To make a UserControl’s property bindable, you must use the [Bindable] attribute. And those properties will not get bound until after Load, so don’t put code that relies on your bound properties in the Load event handler!

ObjectDataSource.SelectCountMethod wants an int

I have been working with the GridView ASP.NET control today, bound to an ObjectDataSource. This is to do with my experiment with DBMail that I mentioned the other day. It wasn’t working. I couldn’t find a solution on the net.

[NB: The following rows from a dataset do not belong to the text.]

Definition n_root (Q : vec -> int) (n : nat) (b : vec) : nat :=
  (n %/ gcdn n `|Q (coroot b)|)%N.

Definition decb (P : Prop) : bool :=
  if excluded_middle_informative P then true else false.

Definition tn_pred (Q : vec -> int) (n : nat) (b : vec) : pred nat :=
  fun k => decb ((0 < k)%N /\ inYQn Q n (fun i => k%:Z * coroot b i)).

(* \tilde n_b : the positive generator of Z b^v \cap Y_{Q,n}, i.e. the least
   k > 0 with k b^v in Y_{Q,n} (0 if there is none, which does not happen) *)
Definition tilde_n (Q : vec -> int) (n : nat) (b : vec) : nat :=
  match excluded_middle_informative (exists k, tn_pred Q n b k) with
  | left H => ex_minn H
  | right _ => 0%N
  end.

(* f_X(b^v) = sum_i <w_i / tilde n_{a_i}, b^v> *)
Definition fX (Q : vec -> int) (n : nat) (b : vec) : rat :=
  \sum_(i < 4) (coroot b i)%:~R / (tilde_n Q n (simple i))%:R.

(* f_Y(b) = <rho^v, b> / tilde n_b ; <rho^v, b> is the height of b *)
Definition fY (Q : vec -> int) (n : nat) (b : vec) : rat :=
  (\sum_(i < 4) b i)%:~R / (tilde_n Q n b)%:R.

Definition target_mixed (m : nat) : seq rat :=
  [seq k%:R / m%:R | k <- iota 1 8] ++
  [seq (2 * k + 1)%:R / (2 * m)%:R | k <- iota 0 6].

Definition target_const (m : nat) : seq rat := [seq k%:R / m%:R | k <- iota 1 11].

From mathcomp Require Import all_boot all_order all_algebra.
From mathcomp Require Import zify ring.
From Stdlib Require Import ClassicalEpsilon.
Set Implicit Arguments.
Unset Strict Implicit.
Unset Printing Implicit Defensive.
Import Order.TTheory GRing.Theory Num.Theory.
Local Open Scope ring_scope.

(* A Weyl-invariant quadratic form on the coroot lattice Y of F4 is Q(a_1^v)
   times the form [qF4], whose value on the coroot of a root b is 1 or 2
   according as b is long or short.  Consequently B_Q(b^v, y) = Q(b^v) <b, y>,
   and since <b, Y> = Z, m b^v lies in Y_{Q,n} exactly when n | m Q(b^v): so
   tilde n_b = n_b, and n_b only depends on the length of b.  Then f_X and f_Y
   are explicit in n_{a_1} and n_{a_4} on the 24 positive roots, and both
   identities reduce to comparing finite lists of integers. *)

Lemma dvdn_mul_divn_gcd (n m c : nat) :
  (0 < n)%N -> (n %| m * c)%N = (n %/ gcdn n c %| m)%N.
Proof.
move=> n_gt0; set g := gcdn n c.
have g_gt0 : (0 < g)%N by rewrite gcdn_gt0 n_gt0.
have nE : n = (n %/ g * g)%N by rewrite divnK // dvdn_gcdl.
have cE : c = (c %/ g * g)%N by rewrite divnK // dvdn_gcdr.
have co : coprime (n %/ g) (c %/ g).
  by rewrite /coprime -(eqn_pmul2r g_gt0) mul1n muln_gcdl -nE -cE.
by rewrite {1}nE {1}cE mulnA dvdn_pmul2r // Gauss_dvdl.
Qed.

Lemma decb_equiv (P : Prop) (b : bool) : (P <-> b) -> decb P = b.
Proof.
move=> [Pb bP]; rewrite /decb; case: excluded_middle_informative => [/Pb -> // | nP].
by case: b Pb bP => // _ /(_ isT) /nP.
Qed.

Lemma eq_mem_all (T : eqType) (s1 s2 : seq T) :
  all (mem s2) s1 && all (mem s1) s2 -> s1 =i s2.
Proof. by case/andP=> /allP s12 /allP s21 x; apply/idP/idP => [/s12 | /s21]. Qed.

Lemma eq_map_all (T R : Type) (P : pred T) (f g : T -> R) (r : seq T) :
  all P r -> (forall x, P x -> f x = g x) -> map f r = map g r.
Proof. by move=> + fg; elim: r => //= x r IHr /andP[Px Pr]; rewrite fg // IHr. Qed.

Lemma mem_map_div (T : Type) (r : seq T) (f : T -> rat) (num : T -> int) (d : rat)
    (L : seq int) :
  map f r = [seq (num x)%:~R / d | x <- r] -> map num r =i L ->
  map f r =i [seq x%:~R / d | x <- L].
Proof.
by move=> -> numL; rewrite (map_comp (fun x : int => x%:~R / d)); apply: eq_mem_map.
Qed.

Local Notation o0 := (@Ordinal 4 0 isT).
Local Notation o1 := (@Ordinal 4 1 isT).
Local Notation o2 := (@Ordinal 4 2 isT).
Local Notation o3 := (@Ordinal 4 3 isT).

Definition ords : seq 'I_4 := [:: o0; o1; o2; o3].

Lemma mem_ords (i : 'I_4) : i \in ords.
Proof. by case: i => -[|[|[|[|i]]]]. Qed.

(* Makes sums over 'I_4 reducible, so that the finite checks below go through
   by [vm_compute]. *)
Lemma index_enum_ord4 : index_enum 'I_4 = ords.
Proof. by apply: (inj_map val_inj); rewrite /index_enum unlock -enumT val_enum_ord. Qed.

Lemma big_ord4 (R : nmodType) (F : 'I_4 -> R) :
  \sum_(i < 4) F i = F o0 + F o1 + F o2 + F o3.
Proof. by rewrite unlock index_enum_ord4 /= addr0 !addrA. Qed.

(* The W-invariant form on Y with value 1 on the coroots of the long roots. *)
Definition qF4 (y : vec) : int :=
  y o0 ^+ 2 + y o1 ^+ 2 + 2 * y o2 ^+ 2 + 2 * y o3 ^+ 2
  - y o0 * y o1 - 2 * y o1 * y o2 - 2 * y o2 * y o3.

Lemma quadratic_formE (Q : vec -> int) : is_quadratic_form Q ->
  exists a : 'I_4 -> 'I_4 -> int, forall y : vec, Q y =
    a o0 o0 * y o0 * y o0 + a o1 o1 * y o1 * y o1 + a o2 o2 * y o2 * y o2
  + a o3 o3 * y o3 * y o3 + a o0 o1 * y o0 * y o1 + a o0 o2 * y o0 * y o2
  + a o0 o3 * y o0 * y o3 + a o1 o2 * y o1 * y o2 + a o1 o3 * y o1 * y o3
  + a o2 o3 * y o2 * y o3.
Proof. by move=> [a Qa]; exists a => y; rewrite Qa unlock index_enum_ord4 /=; ring. Qed.

Section WeylInvariantForm.

Context {Q : vec -> int}.
Hypotheses (Qquad : is_quadratic_form Q) (QW : weyl_invariant Q).

Lemma quadratic_form_ext (v w : vec) : v =1 w -> Q v = Q w.
Proof. by have [a Qa] := quadratic_formE Qquad; move=> vw; rewrite !Qa !vw. Qed.

Lemma vec_of_ords (y : vec) : vec_of [seq y i | i <- ords] =1 y.
Proof. by move=> i; case: i => -[|[|[|[|i]]]] lti //; congr y; apply/val_inj. Qed.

By chance, I changed this:

    class DatabaseSource
    {
        long _messageCount = 0;

        public List<Message> GetMessages(long startRow, int pageSize)
        {
            Database db = new Database();
            List<Message> messages = db.GetMessages( startRow, pageSize,


               out _messageCount);

            return messages;
        }

        public long GetMessageCount()
        {
            return _messageCount;
        }
    }

into this:

    class DatabaseSource
    {
        long _messageCount = 0;

        public List<Message> GetMessages(long startRow, int pageSize)
        {
            Database db = new Database();
            List<Message> messages = db.GetMessages( startRow, pageSize,


               out _messageCount);

            return messages;
        }

        public int GetMessageCount()
        {
            return Convert.ToInt32(_messageCount);
        }
    }

Notice the difference?

To get the ObjectDataSource to work, the SelectCountMethod has to return an 32-bit integer (System.Int32). It failed (without an error message) when it was provided with a long or 64-bit integer (System.Int64).

It turns out it’s written in the documentation in black and white:

Type: System.String

A string that represents the name of the method or function that the ObjectDataSource uses to retrieve a row count. The method must return an integer (Int32). The default is an empty string ("").

Who would have thought?

Hopefully this will save someone who is running into the same problem. (That’s assuming that this will pop up in their search results when they search for ObjectDataSource and GridView paging not working!)